Adicionalmente comparto un documento público (manual) de Texas Instruments muy completo que vale la pena leer. _Power Topologies Handbook_



moonwalker dijo:


> Te felicito blanko001 por los experimentos con este tipo de fuentes. Voy a investigar bien la frecuencia en la que están operando estos transformadores con sus integrados. He decidido construir una fuente AC DC para laboratorio en base a una fuente de esas Switching. Cualquier cosa estaré posteando por acá para que me eches una ayuda y el resto del foro. Dios te bendiga



Compañero, muchas gracias por la atención, que bueno que se anime a experimentar, creo que por ello es que hacemos parte de ésta comunidad.

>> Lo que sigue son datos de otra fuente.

(* Let $p$ be a probability distribution over $\{0,1\}^n$ and let $\gamma>0$. For every $\epsilon<\gamma/2$ the following holds: if the adapted ancestral sampling algorithm is given black-box access to real numbers $\pi(x_{1:k})$, for all $k\in[n]$ and all $x_{1:k}\in\{0,1\}^k$, satisfying $|\pi(x_{1:k})-p(x_{1:k})|\le \epsilon/2^k$, then it samples from a distribution $q$ with $$\|q-p\|_{\mathrm{TV}}\le \mathfrak{f}(\gamma)+\exp\!\left(\frac{4\epsilon n}{\gamma}\right)-1 .$$
   Context: For $x\in\{0,1\}^n$, $x_{1:k}=(x_1,\dots,x_k)$ and $p(x_{1:k})=\sum_{x_{k+1},\dots,x_n}p(x)$ is the marginal. Adapted ancestral sampling algorithm: given the estimates $\pi(\cdot)$, it produces $x$ bit by bit; at step $k$, with $x_{1:k-1}$ already fixed, let $a=\pi(x_{1:k-1},0)$ and $b=\pi(x_{1:k-1},1)$. If $a,b\ge0$, it sets $x_k=0$ with probability $a/(a+b)$ and $x_k=1$ otherwise; if one of $a,b$ is negative, it deterministically sets $x_k$ to the value whose estimate is non-negative. The output distribution is $q$. Define $S_\gamma=\{x\in\{0,1\}^n:\ p(x_{1:k})\ge\gamma/2^k\ \text{for all } k\in[n]\}$ and $\mathfrak{f}(\gamma)=1-\sum_{x\in S_\gamma}p(x)$. $\|\cdot\|_{\mathrm{TV}}$ is total variation distance. *)

From HB Require Import structures.
From mathcomp Require Import all_boot all_order all_algebra.
From mathcomp Require Import reals sequences exp.
Set Implicit Arguments. Unset Strict Implicit. Unset Printing Implicit Defensive.
Import Order.TTheory GRing.Theory Num.Theory.
Local Open Scope ring_scope.

Section Defs.
Variables (R : realType) (n : nat).

(* x in {0,1}^n is an n-tuple of booleans; x_{1:k} = take k x. *)
Definition is_distr (p : n.-tuple bool -> R) : Prop :=
  (forall x, 0 <= p x) /\ \sum_(x : n.-tuple bool) p x = 1.

Definition marg (p : n.-tuple bool -> R) (s : seq bool) : R :=
  \sum_(x : n.-tuple bool | take (size s) x == s) p x.

(* probability that the adapted ancestral sampler sets the next bit to 0,
   given the already fixed prefix s *)
Definition prob0 (pi : seq bool -> R) (s : seq bool) : R :=
  let a := pi (rcons s false) in
  let b := pi (rcons s true) in
  if (0 <= a) && (0 <= b) then a / (a + b)
  else if 0 <= a then 1 else 0.

Definition sampler_q (pi : seq bool -> R) (x : n.-tuple bool) : R :=
  \prod_(i < n)
    (if tnth x i then 1 - prob0 pi (take i x) else prob0 pi (take i x)).

Definition in_S (p : n.-tuple bool -> R) (gamma : R) (x : n.-tuple bool) : bool :=
  [forall k : 'I_n, gamma / 2 ^+ k.+1 <= marg p (take k.+1 x)].

Definition frak_f (p : n.-tuple bool -> R) (gamma : R) : R :=
  1 - \sum_(x : n.-tuple bool | in_S p gamma x) p x.

Definition tv_dist (q p : n.-tuple bool -> R) : R :=
  2^-1 * \sum_(x : n.-tuple bool) `|q x - p x|.

End Defs.

From HB Require Import structures.
From mathcomp Require Import all_boot all_order all_algebra.
From mathcomp Require Import reals sequences exp.
From mathcomp Require Import ring lra.
Set Implicit Arguments. Unset Strict Implicit. Unset Printing Implicit Defensive.
Import Order.TTheory GRing.Theory Num.Theory.
Local Open Scope ring_scope.

(* For x in S_gamma every marginal satisfies p(x_{1:k}) >= gamma/2^k, so the
   estimates of p(x_{1:k}) and of its sibling are off by at most u = eps/gamma
   times p(x_{1:k}).  Hence at each step the sampler picks x_k with probability at
   least c = (1-u)/(1+2u) times the true conditional p(x_{1:k})/p(x_{1:k-1}), and
   the product over the n steps gives q(x) >= c^n p(x) on S_gamma.  This lower
   bound on S_gamma yields TV(q,p) <= 1 - c^n p(S_gamma) <= f(gamma) + (1 - c^n),
   and 1 - c^n <= c^-n - 1 <= exp(4un) - 1 because 1/c <= exp(4u) for u < 1/2. *)

Section ChainRule.
Variables (R : pzSemiRingType) (T : finType).

Lemma sum_tuple_cons m (F : m.+1.-tuple T -> R) :
  \sum_(x : m.+1.-tuple T) F x =
  \sum_(b : T) \sum_(t : m.-tuple T) F [tuple of b :: t].
Proof.
rewrite pair_big /=.
rewrite (reindex (fun bt : T * m.-tuple T => [tuple of bt.1 :: bt.2])) //=.
exists (fun x : m.+1.-tuple T => (thead x, [tuple of behead x])).
  by move=> [b t] _ /=; congr pair; apply: val_inj.
by move=> x _; rewrite [in RHS](tuple_eta x).
Qed.

Lemma sum_prod_chain (P : seq T -> T -> R) :
  (forall s, \sum_b P s b = 1) ->
  forall m s, \sum_(x : m.-tuple T) \prod_(i < m) P (s ++ take i x) (tnth x i) = 1.
Proof.
move=> P1; elim=> [|m IH] s.
  by rewrite (big_pred1 [tuple]) ?big_ord0 // => t; apply/esym/eqP; exact: tuple0.
rewrite sum_tuple_cons -[RHS](P1 s); apply: eq_bigr => b _.
rewrite -[RHS]mulr1 -[in RHS](IH (rcons s b)) mulr_sumr; apply: eq_bigr => t _.
rewrite big_ord_recl /= cats0; congr (_ * _); apply: eq_bigr => i _.
by rewrite tnthS /= cat_rcons.
Qed.

End ChainRule.

Section Sampler.
Variable R : realType.

Definition bit_prob (g : seq bool -> R) (s : seq bool) (b : bool) : R :=
  if b then 1 - g s else g s.

Lemma sum_bit_prob g s : \sum_b bit_prob g s b = 1.
Proof. by rewrite big_bool /bit_prob /= addrNK. Qed.

Lemma prob0_ge0 (pi : seq bool -> R) s : 0 <= prob0 pi s.
Proof.
rewrite /prob0; set a := pi _; set b := pi _.
by case: (boolP (0 <= a)) => ha; case: (boolP (0 <= b)) => hb //=;
  rewrite ?ler01 ?lexx ?divr_ge0 ?addr_ge0.
Qed.

Lemma prob0_le1 (pi : seq bool -> R) s : prob0 pi s <= 1.
Proof.
rewrite /prob0; set a := pi _; set b := pi _.
case: (boolP (0 <= a)) => ha; case: (boolP (0 <= b)) => hb //=; rewrite ?ler01 ?lexx //.
have [->|ab_neq0] := eqVneq (a + b) 0; first by rewrite invr0 mulr0 ler01.
have ab_gt0 : 0 < a + b by rewrite lt0r ab_neq0 addr_ge0.
by rewrite ler_pdivrMr // mul1r lerDl.
Qed.

Lemma bit_prob_prob0_ge0 (pi : seq bool -> R) s b : 0 <= bit_prob (prob0 pi) s b.
Proof. by case: b; rewrite /= ?subr_ge0 ?prob0_le1 ?prob0_ge0. Qed.

Lemma sampler_q_distr n (pi : seq bool -> R) : is_distr (sampler_q (n := n) pi).
Proof.
split=> [x|]; first by apply: prodr_ge0 => i _; exact: bit_prob_prob0_ge0.
exact: sum_prod_chain (sum_bit_prob (prob0 pi)) n [::].
Qed.

Lemma bit_prob_prob0 (pi : seq bool -> R) s b : 0 < pi (rcons s b) ->
  bit_prob (prob0 pi) s b =
  if 0 <= pi (rcons s (~~ b))
  then pi (rcons s b) / (pi (rcons s b) + pi (rcons s (~~ b))) else 1.
Proof.
rewrite /bit_prob /prob0; case: b => /= A_gt0; rewrite (ltW A_gt0) ?andbT //.
case: ifP => D_ge0; last by rewrite D_ge0 subr0.
have AD_neq0 : pi (rcons s false) + pi (rcons s true) != 0 by rewrite lt0r_neq0 // ltr_wpDl.
by rewrite [pi (rcons s true) + _]addrC; field.
Qed.

Definition step_factor (u : R) : R := (1 - u) / (1 + 2 * u).

Lemma step_factor_ge0 u : 0 <= u <= 1 -> 0 <= step_factor u.
Proof. by case/andP=> u_ge0 u_le1; rewrite divr_ge0 //; lra. Qed.

Lemma step_factor_le1 u : 0 <= u -> step_factor u <= 1.
Proof. by move=> u_ge0; rewrite ler_pdivrMr; lra. Qed.

Lemma noisy_estimate_gt0 (u e A m : R) :
  u < 1/2 -> e <= u * m -> 0 < m -> `|A - m| <= e -> 0 < A.
Proof.
move=> u_lt e_le m_gt0 /ler_normlP[A_lo _].
have : 0 < (1/2 - u) * m by apply: mulr_gt0; lra.
lra.
Qed.

Lemma noisy_ratio_ge (u e A D m1 m2 : R) :
  u < 1/2 -> e <= u * m1 -> 0 < m1 -> 0 <= m2 ->
  `|A - m1| <= e -> `|D - m2| <= e ->
  step_factor u * m1 <= (if 0 <= D then A / (A + D) else 1) * (m1 + m2).
Proof.
move=> u_lt e_le m1_gt0 m2_ge0 errA errD.
have A_gt0 := noisy_estimate_gt0 u_lt e_le m1_gt0 errA.
have e_ge0 : 0 <= e := le_trans (normr_ge0 _) errA.
have u_ge0 : 0 <= u by nra.
move: errA errD => /ler_normlP[A_lo A_hi] /ler_normlP[_ D_hi].
have d_gt0 : 0 < 1 + 2 * u by lra.
rewrite /step_factor mulrAC ler_pdivrMr //.
case: ifP => D_ge0; last by rewrite mul1r; nra.
have AD_gt0 : 0 < A + D by lra.
have -> : A / (A + D) * (m1 + m2) * (1 + 2 * u) = A * ((1 + 2 * u) * (m1 + m2)) / (A + D).
  by field; rewrite lt0r_neq0.
rewrite ler_pdivlMr //.
have A_ge : (1 - u) * m1 <= A by lra.
have AD_le : A + D <= (1 + 2 * u) * (m1 + m2).
  by have := mulr_ge0 u_ge0 m2_ge0; lra.
by apply: le_trans (ler_wpM2l _ AD_le) (ler_wpM2r _ A_ge); apply: mulr_ge0; lra.
Qed.

Lemma step_factor_inv_le_expR (u : R) :
  0 <= u -> u < 1/2 -> (1 + 2 * u) / (1 - u) <= expR (4 * u).
Proof.
move=> u_ge0 u_lt; rewrite ler_pdivrMr; last lra.
have sq_ge : 1 + 2 * u <= (1 + 2 * u) ^+ 2 * (1 - u).
  rewrite -subr_ge0 (_ : _ - _ = (1 + 2 * u) * u * (1 - 2 * u)); last by ring.
  by rewrite !mulr_ge0 //; lra.
have -> : 4 * u = 2%:R * (2 * u) by ring.
rewrite expRM_natl; apply: le_trans sq_ge _.
by rewrite ler_wpM2r ?lerXn2r ?nnegrE ?expR_ge1Dx ?expR_ge0 //; lra.
Qed.

Lemma one_sub_step_factor_expn (u : R) n : 0 <= u -> u < 1/2 ->
  1 - step_factor u ^+ n <= expR (n%:R * (4 * u)) - 1.
Proof.
move=> u_ge0 u_lt.
set r := (1 + 2 * u) / (1 - u).
have r_gt0 : 0 < r by rewrite divr_gt0; lra.
have -> : step_factor u ^+ n = (r ^+ n)^-1.
  by rewrite -exprVn /step_factor /r invf_div.
have r_le : r ^+ n <= expR (n%:R * (4 * u)).
  by rewrite expRM_natl lerXn2r ?nnegrE ?step_factor_inv_le_expR ?expR_ge0 // ltW.
have rn_gt0 : 0 < r ^+ n := exprn_gt0 n r_gt0.
suff : 1 - (r ^+ n)^-1 <= r ^+ n - 1 by lra.
move: rn_gt0; generalize (r ^+ n) => X X_gt0.
rewrite -subr_ge0.
have -> : X - 1 - (1 - X^-1) = (X - 1) ^+ 2 / X by field; rewrite lt0r_neq0.
by rewrite divr_ge0 ?sqr_ge0 ?ltW.
Qed.

Section Marginals.
Variables (n : nat) (p : n.-tuple bool -> R).

Lemma marg_rcons s : (size s < n)%N ->
  marg p (rcons s false) + marg p (rcons s true) = marg p s.
Proof.
move=> s_lt; rewrite /marg !size_rcons.
rewrite [RHS](bigID (fun x : n.-tuple bool => nth false x (size s))) /= addrC.
by congr (_ + _); apply: eq_bigl => x;
  rewrite (take_nth false) ?size_tuple // eqseq_rcons; case: nth; rewrite ?andbT ?andbF.
Qed.

Lemma marg_ge0 s : (forall x, 0 <= p x) -> 0 <= marg p s.
Proof. by move=> p_ge0; apply: sumr_ge0. Qed.

Lemma marg_nil : is_distr p -> marg p [::] = 1.
Proof. by move=> [_ <-]; apply: eq_bigl => x; rewrite take0. Qed.

Lemma marg_tuple (x : n.-tuple bool) : marg p x = p x.
Proof.
rewrite /marg (big_pred1 x) // => y /=.
by rewrite size_tuple -{1}(size_tuple y) take_size.
Qed.

End Marginals.

Section SamplerOnS.
Variables (n : nat) (p : n.-tuple bool -> R) (gamma eps : R) (pi : seq bool -> R).
Hypotheses (p_distr : is_distr p) (gamma_gt0 : 0 < gamma) (eps_lt : eps < gamma / 2).
Hypothesis pi_err : forall s : seq bool, (0 < size s <= n)%N ->
  `|pi s - marg p s| <= eps / 2 ^+ size s.

Lemma eps_div_gamma_lt_half : eps / gamma < 1/2.
Proof. by rewrite ltr_pdivrMr // mul1r mulrC. Qed.

Lemma eps_div_gamma_ge0 : (0 < n)%N -> 0 <= eps / gamma.
Proof.
move=> n_gt0; have := le_trans (normr_ge0 _) (pi_err (s := [:: false]) n_gt0).
by rewrite expr1 => eps2_ge0; rewrite divr_ge0 ?(ltW gamma_gt0) //; lra.
Qed.

Lemma bit_prob_ge_marg s b : (size s < n)%N ->
  gamma / 2 ^+ (size s).+1 <= marg p (rcons s b) ->
  step_factor (eps / gamma) * marg p (rcons s b) <= bit_prob (prob0 pi) s b * marg p s.
Proof.
move=> s_lt m1_ge.
have err c : `|pi (rcons s c) - marg p (rcons s c)| <= eps / 2 ^+ (size s).+1.
  by rewrite -(size_rcons s c); apply: pi_err; rewrite size_rcons.
have pow_gt0 : 0 < 2 ^+ (size s).+1 :> R by exact: exprn_gt0.
have m1_gt0 : 0 < marg p (rcons s b) := lt_le_trans (divr_gt0 gamma_gt0 pow_gt0) m1_ge.
have e_le : eps / 2 ^+ (size s).+1 <= eps / gamma * marg p (rcons s b).
  have -> : eps / 2 ^+ (size s).+1 = eps / gamma * (gamma / 2 ^+ (size s).+1).
    by field; rewrite !lt0r_neq0.
  by rewrite ler_wpM2l // eps_div_gamma_ge0 // (leq_ltn_trans (leq0n _) s_lt).
have -> : marg p s = marg p (rcons s b) + marg p (rcons s (~~ b)).
  by rewrite -(marg_rcons p s_lt); case: (b) => //=; rewrite addrC.
rewrite bit_prob_prob0; last exact: noisy_estimate_gt0 eps_div_gamma_lt_half e_le m1_gt0 (err b).
apply: noisy_ratio_ge eps_div_gamma_lt_half e_le m1_gt0 _ (err b) (err (~~ b)).
by apply: marg_ge0; case: p_distr.
Qed.

Lemma prefix_prob_lower_bound x : in_S p gamma x -> forall k, (k <= n)%N ->
  step_factor (eps / gamma) ^+ k * marg p (take k x) <=
  \prod_(i < k) bit_prob (prob0 pi) (take i x) (nth false x i).
Proof.
move=> xS; elim=> [|k IH] k_lt; first by rewrite big_ord0 expr0 mul1r take0 marg_nil.
have n_gt0 : (0 < n)%N := leq_ltn_trans (leq0n k) k_lt.
have size_take_k : size (take k x) = k by rewrite size_takel // size_tuple ltnW.
have take_kS : take k.+1 x = rcons (take k x) (nth false x k).
  by rewrite (take_nth false) // size_tuple.
have m1_ge : gamma / 2 ^+ (size (take k x)).+1 <= marg p (rcons (take k x) (nth false x k)).
  by rewrite size_take_k -take_kS; exact: (forallP xS) (Ordinal k_lt).
have c_ge0 : 0 <= step_factor (eps / gamma).
  by rewrite step_factor_ge0 // eps_div_gamma_ge0 //=; have := eps_div_gamma_lt_half; lra.
rewrite big_ord_recr /= exprSr -mulrA take_kS.
apply: le_trans (ler_wpM2l (exprn_ge0 k c_ge0) (bit_prob_ge_marg _ m1_ge)) _.
  by rewrite size_take_k.
by rewrite mulrCA mulrC ler_wpM2r ?bit_prob_prob0_ge0 // IH // ltnW.
Qed.

Lemma sampler_q_ge_in_S x : in_S p gamma x ->
  step_factor (eps / gamma) ^+ n * p x <= sampler_q pi x.
Proof.
move=> xS; have := prefix_prob_lower_bound xS (leqnn n).
rewrite take_oversize ?size_tuple // marg_tuple.
by under [X in _ <= X -> _]eq_bigr do rewrite -tnth_nth.
Qed.

End SamplerOnS.
End Sampler.

Lemma tv_dist_le_one_sub (R : realType) n (q p : n.-tuple bool -> R)
    (S : pred (n.-tuple bool)) (C : R) :
  is_distr q -> is_distr p -> C <= 1 -> (forall x, S x -> C * p x <= q x) ->
  tv_dist q p <= 1 - C * \sum_(x | S x) p x.
Proof.
move=> [q_ge0 q1] [p_ge0 p1] C_le1 q_ge.
pose h x := if S x then (1 - C) * p x else p x.
have norm_le x : `|q x - p x| <= q x - p x + 2 * h x.
  have := q_ge0 x; have := p_ge0 x; rewrite /h ler_norml.
  case: ifP => Sx px qx; last lra.
  have : 0 <= (1 - C) * p x by apply: mulr_ge0 => //; lra.
  by have := q_ge x Sx; lra.
have sum_h : \sum_x h x = 1 - C * \sum_(x | S x) p x.
  rewrite [LHS](bigID S) -p1 [\sum_x p x](bigID S) /= mulr_sumr.
  have -> : \sum_(x | S x) h x = \sum_(x | S x) p x - \sum_(x | S x) C * p x.
    by rewrite -sumrB; apply: eq_bigr => x Sx; rewrite /h Sx mulrBl mul1r.
  have -> : \sum_(x | ~~ S x) h x = \sum_(x | ~~ S x) p x.
    by apply: eq_bigr => x /negbTE Sx; rewrite /h Sx.
  by rewrite addrAC.
rewrite /tv_dist -sum_h.
have : \sum_x `|q x - p x| <= \sum_x (q x - p x + 2 * h x).
  by apply: ler_sum => x _; exact: norm_le.
rewrite big_split /= sumrB q1 p1 -mulr_sumr.
lra.
Qed.

Theorem theorem7 (R : realType) (n : nat) (p : n.-tuple bool -> R)
  (gamma eps : R) (pi : seq bool -> R) :
  is_distr p -> 0 < gamma -> eps < gamma / 2 ->
  (forall s : seq bool, (0 < size s <= n)%N ->
     `|pi s - marg p s| <= eps / 2 ^+ size s) ->
  tv_dist (sampler_q pi) p <=
    frak_f p gamma + expR (4 * eps * n%:R / gamma) - 1.
Proof.
move=> p_distr gamma_gt0 eps_lt pi_err.
set C := step_factor (eps / gamma) ^+ n.
have [C_le1 C_exp] : C <= 1 /\ 1 - C <= expR (4 * eps * n%:R / gamma) - 1.
  have -> : 4 * eps * n%:R / gamma = n%:R * (4 * (eps / gamma)).
    by field; rewrite lt0r_neq0.
  rewrite /C; have [->|n_gt0] := posnP n; first by rewrite expr0 mul0r expR0; lra.
  have u_ge0 := eps_div_gamma_ge0 gamma_gt0 pi_err n_gt0.
  have u_lt := eps_div_gamma_lt_half gamma_gt0 eps_lt.
  split; last exact: one_sub_step_factor_expn.
  apply: exprn_ile1; last exact: step_factor_le1.
  by apply: step_factor_ge0; rewrite u_ge0 /=; lra.
have tv_le := tv_dist_le_one_sub (sampler_q_distr n pi) p_distr C_le1
  (sampler_q_ge_in_S p_distr gamma_gt0 eps_lt pi_err).
have PS_le1 : \sum_(x | in_S p gamma x) p x <= 1.
  have [p_ge0 <-] := p_distr.
  by rewrite [leRHS](bigID (in_S p gamma)) /= lerDl sumr_ge0.
rewrite /frak_f; apply: le_trans tv_le _.
have : 0 <= (1 - C) * (1 - \sum_(x | in_S p gamma x) p x) by apply: mulr_ge0; lra.
lra.
Qed.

Dios le bendiga también.

Un saludo


----------



## moonwalker

blanko001 dijo:


> Compañero, muchas gracias por la atención, que bueno que se anime a experimentar, creo que por ello es que hacemos parte de ésta comunidad. Dios le bendiga también


Hola Blanko001 amén amén gracias Colega. Sí, una de las cosas que me gusta hacer dentro de la electrónica son los experimentos. Por aquí algunos de mis familiares me ven como el típico experimentador loco que no sale de la cueva jajaja. 
Muy pronto (espero salir de varios trabajos) para experimentar con uno de los transformadores de fuente de TV que tengo por aquí y voy posteando. Un saludo blanko001


----------



## aadf

blanko001 dijo:


> Pregunta 1: ¿Hay alguna ventaja en usar alguna de las dos configuraciones?
> Pregunta 2: Para calcular el número de espiras en el primario, ¿se toma la misma tensión sin importar la configuración?



Hola,

Estoy con la misma duda. En el primer esquema la tensión que le llega al trafo conmutaría entre 0 y 310, mientras que en el segundo va de -155 a +155. Es correcto? tendria que usar 310 para el calculo de vueltas si se tratase del 1er esquema?

saludos.
Andres.


----------



## Daniel Lopes

aadf dijo:


> Hola,
> 
> Estoy con la misma duda. En el primer esquema la tensión que le llega al trafo conmutaría entre 0 y 310, mientras que en el segundo va de -155 a +155. Es correcto? tendria que usar 310 para el calculo de vueltas si se tratase del 1er esquema?
> 
> saludos.
> Andres.


Hola caro don aadf , en realidad los dos circuitos andam identicos anoser que en lo premero dibujo tenemos una puente rectificadora y un capacitor electrolictico de filtrado de modo a funcionar en Red 220Vac .
Ya en lo segundo dibujo tenemos un rectificador +doblador de tensión incorporado para puder andar en Red electrica de120Vac , lo restante es practicamente lo mismo.
Ahora si ustedes pones una llave interronpendo la conección entre los dos capacitores electrolicticos "-C7" y "+C13" y lo punto "3" de la puente rectificadora mas la entrada "N" de la Red electrica puedes escojer entre andar en 120Vac o 220Vac ( llave abierta es para andar en 220Vac y llave cerriada es para andar en 120Vac)
Att,
Daniel Lopes.


----------



## blanko001

Hola. En efecto es como dice Daniel, no es facil comprender al principio la diferencia pero con un poco de análisis y la ayuda del foro aclaramos las dudas.
Por otra parte, he seguido experimentando con la fuente half bridge. Probé varios núcleos y con una lampara de 150W a la salida como prueba de carga la tensión cae de 60V a 23V... descartando el tipo de núcleo, pediré otro IR2110 por si acaso es el problema.
Un saludo.


----------



## blanko001

Hola a todos, retomando el hilo y el trabajo en las fuentes.
Solucioné esto:



blanko001 dijo:


> Probé varios núcleos y con una lampara de 150W a la salida como prueba de carga la tensión cae de 60V a 23V... descartando el tipo de núcleo, pediré otro IR2110 por si acaso es el problema.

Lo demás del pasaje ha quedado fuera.